Apr 16 14:04:41 san2 crmd: [12987]: info: process_lrm_event: LRM operation
drbd1:1_promote_0 (call=108, rc=1, cib-update=134, confirmed=true) complete
unknown error
Apr 16 14:04:41 san2 kernel: drbd1: peer( Primary -> Secondary )
Apr 16 14:04:42 san2 kernel: drbd1: peer( Secondary -> Unknown ) conn(
Connected -> TearDown ) pdsk( UpToDate -> DUnknown )
Apr 16 14:04:42 san2 kernel: drbd1: Writing meta data super block now.
Apr 16 14:04:42 san2 kernel: drbd1: asender terminated
Apr 16 14:04:42 san2 kernel: drbd1: Terminating asender thread
Apr 16 14:04:42 san2 kernel: drbd1: tl_clear()
Apr 16 14:04:42 san2 kernel: drbd1: Connection closed
Apr 16 14:04:42 san2 kernel: drbd1: conn( TearDown -> Unconnected )
Apr 16 14:04:42 san2 kernel: drbd1: receiver terminated
Apr 16 14:04:42 san2 kernel: drbd1: Restarting receiver thread
Apr 16 14:04:42 san2 kernel: drbd1: receiver (re)started
Apr 16 14:04:42 san2 kernel: drbd1: conn( Unconnected -> WFConnection )

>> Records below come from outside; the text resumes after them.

Lemma bnorm_sub_sym (x y : A) : nrm (x --- y) = nrm (y --- x).
Proof. replace (x --- y) with (bopp A (y --- x)) by nr. apply bnorm_opp. Qed.

Lemma bnorm0 : nrm (bzero : A) = 0.
Proof.
  rewrite <- (bscal_C0 bzero), bnorm_scal.
  unfold Cmod, C0; simpl. replace (0 * (0 * 1) + 0 * (0 * 1)) with 0 by ring.
  rewrite sqrt_0. ring.
Qed.

Lemma bpow_Sr (x : A) n : bpow x (S n) = bpow x n ** x.
Proof.
  induction n; simpl; [nr|]. simpl in IHn.
  transitivity (x ** (bpow x n ** x)); [now rewrite <- IHn | nr].
Qed.

Lemma bnorm_pow (x : A) n : nrm (bpow x n) <= nrm bone * nrm x ^ n.
Proof.
  induction n; simpl; [lra|].
  eapply Rle_trans; [apply bnorm_submult|].
  pose proof (bnorm_ge0 A x).
  replace (nrm bone * (nrm x * nrm x ^ n)) with (nrm x * (nrm bone * nrm x ^ n)) by ring.
  now apply Rmult_le_compat_l.
Qed.

Lemma bnorm_mul3 (x y z : A) : nrm (x ** y ** z) <= nrm x * nrm y * nrm z.
Proof.
  eapply Rle_trans; [apply bnorm_submult|].
  apply Rmult_le_compat_r; [apply bnorm_ge0 | apply bnorm_submult].
Qed.


Definition qnil_geom (x : A) : Prop :=
  forall eps, 0 < eps -> exists K, forall n, nrm (bpow x n) <= K * eps ^ n.

Lemma geom_bound_ge0 (x : A) eps K : (forall n, nrm (bpow x n) <= K * eps ^ n) -> 0 <= K.
Proof. intros H. specialize (H O). simpl in H. pose proof (bnorm_ge0 A bone). lra. Qed.

Lemma qnil_geom_of_qnil (x : A) : qnil x -> qnil_geom x.
Proof.
  intros Hq eps Heps.
  destruct (Hq eps Heps) as [N HN].
  destruct (finite_upper_bound (fun n => nrm (bpow x n) / eps ^ n) (S N)) as [K HK].
  exists (Rmax K 1). intros n.
  assert (Hp : 0 < eps ^ n) by (apply pow_lt; lra).
  destruct (Compare_dec.le_lt_dec n N) as [Hle | Hlt].
  - specialize (HK n ltac:(lia)). simpl in HK.
    apply Rle_trans with (K * eps ^ n).
    + apply (Rmult_le_compat_r (eps ^ n)) in HK; [|lra].
      unfold Rdiv in HK. rewrite Rmult_assoc, Rinv_l, Rmult_1_r in HK; lra.
    + apply Rmult_le_compat_r; [lra | apply Rmax_l].
  - specialize (HN n ltac:(lia)). unfold R_dist, nthroot in HN.
    rewrite Rminus_0_r in HN.
    apply Rle_trans with (eps ^ n).
    2: { rewrite <- (Rmult_1_l (eps ^ n)) at 1.
         apply Rmult_le_compat_r; [lra | apply Rmax_r]. }
    destruct (Rle_dec (nrm (bpow x n)) 0) as [H0|H0]; [lra|].
    apply Rlt_le. unfold Rpower in HN.
    rewrite Rabs_right in HN by (left; apply exp_pos).
    rewrite <- (exp_ln eps) in HN by lra.
    apply exp_lt_inv in HN.
    assert (Hn : 0 < INR n) by (apply lt_0_INR; lia).
    assert (Hln : ln (nrm (bpow x n)) < INR n * ln eps).
    { apply Rmult_lt_compat_l with (r := INR n) in HN; auto.
      rewrite <- Rmult_assoc, Rinv_r, Rmult_1_l in HN; lra. }
    rewrite <- ln_pow in Hln by lra.
    rewrite <- (exp_ln (nrm (bpow x n))), <- (exp_ln (eps ^ n)) by lra.
    now apply exp_increasing.
Qed.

Apr 16 14:04:42 san2 crmd: [12987]: info: do_lrm_rsc_op: Performing
key=174:43:0:90b5d1cc-a955-48e8-a1a6-7a2674a8c783 op=drbd1:1_notify_0 )
Apr 16 14:04:42 san2 lrmd: [12984]: info: rsc:drbd1:1: notify
Apr 16 14:04:42 san2 crm_master: [6492]: info: Invoked: /usr/sbin/crm_master
-l reboot -v 10
Apr 16 14:04:42 san2 attrd: [12986]: info: attrd_trigger_update: Sending
flush op to all hosts for: master-drbd1:1
Apr 16 14:04:42 san2 attrd: [12986]: info: attrd_perform_update: Sent update
118: master-drbd1:1=10
Apr 16 14:04:42 san2 lrmd: [12984]: info: RA output: (drbd1:1:notify:stdout)

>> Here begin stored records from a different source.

Lemma poly_over_divmod E p q : dsubfield E -> poly_over E p -> poly_over E q ->
  q != 0 -> exists s r,
  [/\ poly_over E s, poly_over E r, p = s * q + r & (size r < size q)%N].
Proof.
move=> hE hp hq q0; have R := dsubfield_subring hE; have PR := poly_over_subring R.
elim: {p}(size p) {-2}p (leqnn (size p)) hp => [|n IHn] p sp hp.
  exists 0, p; split; rewrite ?mul0r ?add0r //; first exact: (subring0 PR).
  by apply: leq_ltn_trans sp _; rewrite size_poly_gt0.
have [pq|qp] := ltnP (size p) (size q).
  by exists 0, p; split; rewrite ?mul0r ?add0r //; apply: (subring0 PR).
have p0 : p != 0 by rewrite -size_poly_gt0 (leq_trans _ qp) // size_poly_gt0.
pose t := (lead_coef p / lead_coef q) *: 'X^(size p - size q).
have ht : poly_over E t.
  apply: (poly_overZ R); last by apply: (subringX PR); apply: (poly_overX R).
  by apply: (subringM R); [apply: hp | apply: (dsubfieldV hE); apply: hq].
have lt0 : lead_coef p / lead_coef q != 0 by rewrite mulf_neq0 ?invr_eq0 ?lead_coef_eq0.
have stq : size (t * q) = size p.
  by rewrite -scalerAl size_scale // mulrC size_mulXn // subnK.
have ltq : lead_coef (t * q) = lead_coef p.
  by rewrite -scalerAl lead_coefZ lead_coefM lead_coefXn mul1r divfK ?lead_coef_eq0.
have [s [r [hs hr e sr]]] : exists s r, [/\ poly_over E s, poly_over E r,
    p - t * q = s * q + r & (size r < size q)%N].
  apply: IHn; last by apply: (subringB PR) => //; apply: (subringM PR).
  by rewrite -ltnS (leq_trans _ sp) // size_sub_lead_lt.
exists (s + t), r; split => //; first exact: (subringD PR).
by rewrite mulrDl addrAC -e subrK.
Qed.

Section Transcendental.
Variables (E : K -> Prop) (Y : K).
Hypotheses (hE : dsubfield E) (hY : E (D Y)) (nY : ~ E Y).
Let R := dsubfield_subring hE.
Let PR := poly_over_subring R.

Lemma poly_over_root_eq0 p : poly_over E p -> root p Y -> p = 0.
Proof.
move=> hp pY; apply/eqP/negPn/negP => p0; apply: nY.
by apply: algebraic_integral_mem => //; exists p.
Qed.

Lemma pder_const_affine s a : poly_over E s -> pder (D Y) s = a%:P ->
  exists c e, [/\ D c = 0, E e & s.[Y] = e + c * Y].
Proof.
move=> hs ds.
have rel j : (0 < j)%N -> D s`_j + D Y * (s`_j.+1 *+ j.+1) = 0.
  by move=> j0; rewrite -coef_pder ds coefC; case: j j0.
have s2 : (size s <= 2)%N.
  rewrite leqNgt; apply/negP; case sz: (size s) => [|[|[|m]]] // _.
  have l0 : s`_m.+2 != 0.
    by have := lead_coef_eq0 s; rewrite lead_coefE sz -size_poly_eq0 sz => ->.
  have dl : D s`_m.+2 = 0.
    by have := rel m.+2 isT; rewrite [s`_m.+3]nth_default ?sz // mul0rn mulr0 addr0.
  by apply: nY; apply: (der_rel_mem hE (hs _) (hs _) l0 dl (rel m.+1 isT)).
exists s`_1, s`_0; split; [|exact: hs|].
  by have := rel 1%N isT; rewrite [s`_2]nth_default // mul0rn mulr0 addr0.
by rewrite (horner_coef_wide _ s2) !big_ord_recl big_ord0 /= expr0 mulr1 expr1 addr0.
Qed.

Lemma pder_poly_part_eq s r q a : poly_over E s -> poly_over E r -> poly_over E q ->
  q.[Y] != 0 -> (size r < size q)%N ->
  D (s.[Y] + r.[Y] / q.[Y]) = a -> E a -> pder (D Y) s = a%:P.
Proof.
move=> hs hr hq qY rq za ha.
have q0 : q != 0 by apply: contraNneq qY => ->; rewrite horner0.
pose w := pder (D Y) r * q - r * pder (D Y) q.
pose A := a%:P - pder (D Y) s.
have hA : poly_over E A.
  by apply: (subringB PR); [apply: (poly_overC R) | apply: poly_over_pder].
have hw : poly_over E w.
  by apply: (subringB PR); apply: (subringM PR) => //; apply: poly_over_pder.
have ea : a = (pder (D Y) s).[Y] + w.[Y] / (q.[Y] * q.[Y]).
  have -> : w.[Y] = D r.[Y] * q.[Y] - r.[Y] * D q.[Y].
    by rewrite /w !der_horner hornerD hornerN !hornerM.
  by rewrite -za derD der_div // (der_horner s).
have AY : root (A * (q * q) - w) Y.
  rewrite rootE hornerD hornerN !hornerM hornerD hornerN hornerC ea.
  by rewrite addrAC subrr add0r divfK ?subrr ?mulf_neq0.
have /eqP := poly_over_root_eq0 (subringB PR (subringM PR hA (subringM PR hq hq)) hw) AY.
rewrite subr_eq0 => /eqP Aw.
apply/eqP; rewrite eq_sym -subr_eq0.
apply: contraTT (size_wronskian_lt (D Y) q0 rq) => A0.
rewrite -/w -Aw -leqNgt (size_mul A0) ?mulf_neq0 //.
by rewrite -(prednK (_ : 0 < size A)%N) ?size_poly_gt0 // addSn leq_addl.
Qed.

Lemma integral_adjoin_affine z : adjoin E Y z -> E (D z) ->
  exists c e, [/\ D c = 0, E e & z = e + c * Y].
Proof.
case=> p [q [hp hq qY ->]] hz.
have q0 : q != 0 by apply: contraNneq qY => ->; rewrite horner0.
have [s [r [hs hr ep rq]]] := poly_over_divmod hE hp hq q0.
have ez : p.[Y] / q.[Y] = s.[Y] + r.[Y] / q.[Y] by rewrite ep hornerD hornerM; field.
rewrite ez in hz *.
have ds := pder_poly_part_eq hs hr hq qY rq erefl hz.
have [c [e [dc he eY]]] := pder_const_affine hs ds.
exists c, (r.[Y] / q.[Y] + e); split => //; last by rewrite eY; ring.
apply: (subringD R) => //; apply: (dsubfield_const hE).
have -> : D (r.[Y] / q.[Y]) = D (s.[Y] + r.[Y] / q.[Y]) - D s.[Y].
  by rewrite derD addrAC subrr add0r.
by rewrite (der_horner s) ds hornerC subrr.
Qed.

Lemma horner2_line_eq0 (P : {poly {poly K}}) A B p q :
  poly_over (poly_over E) P -> E A -> E B -> E p -> E q ->
  P.[B + q * Y, A + p * Y] = 0 -> forall t, P.[B + q * t, A + p * t] = 0.
Proof.
move=> hP hA hB hp hq PY t.
have hL a b : E a -> E b -> poly_over E (a%:P + b *: 'X).
  move=> ha hb; apply: (subringD PR); first exact: (poly_overC R).
  by apply: (poly_overZ R) => //; apply: (poly_overX R).
have eL a b u : (a%:P + b *: 'X).[u] = a + b * u.
  by rewrite hornerD hornerC hornerZ hornerX.
have Phi0 : (map_poly (comp_poly (A%:P + p *: 'X)) P).[B%:P + q *: 'X] = 0.
  apply: poly_over_root_eq0; last by rewrite rootE horner2_comp !eL PY.
  apply: (poly_over_horner PR); last exact: hL.
  apply: (poly_over_map (E := poly_over E)) hP; first exact: comp_poly0.
  by move=> c hc; apply: (poly_over_comp R) => //; apply: hL.
by rewrite -!eL -horner2_comp Phi0 horner0.
Qed.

0 Trying master-drbd1:1=10 update via attrd
Apr 16 14:04:42 san2 crmd: [12987]: info: process_lrm_event: LRM operation
drbd1:1_notify_0 (call=109, rc=0, cib-update=135, confirmed=true) complete
ok
Apr 16 14:04:43 san2 crmd: [12987]: info: do_lrm_rsc_op: Performing
key=170:44:0:90b5d1cc-a955-48e8-a1a6-7a2674a8c783 op=drbd1:1_notify_0 )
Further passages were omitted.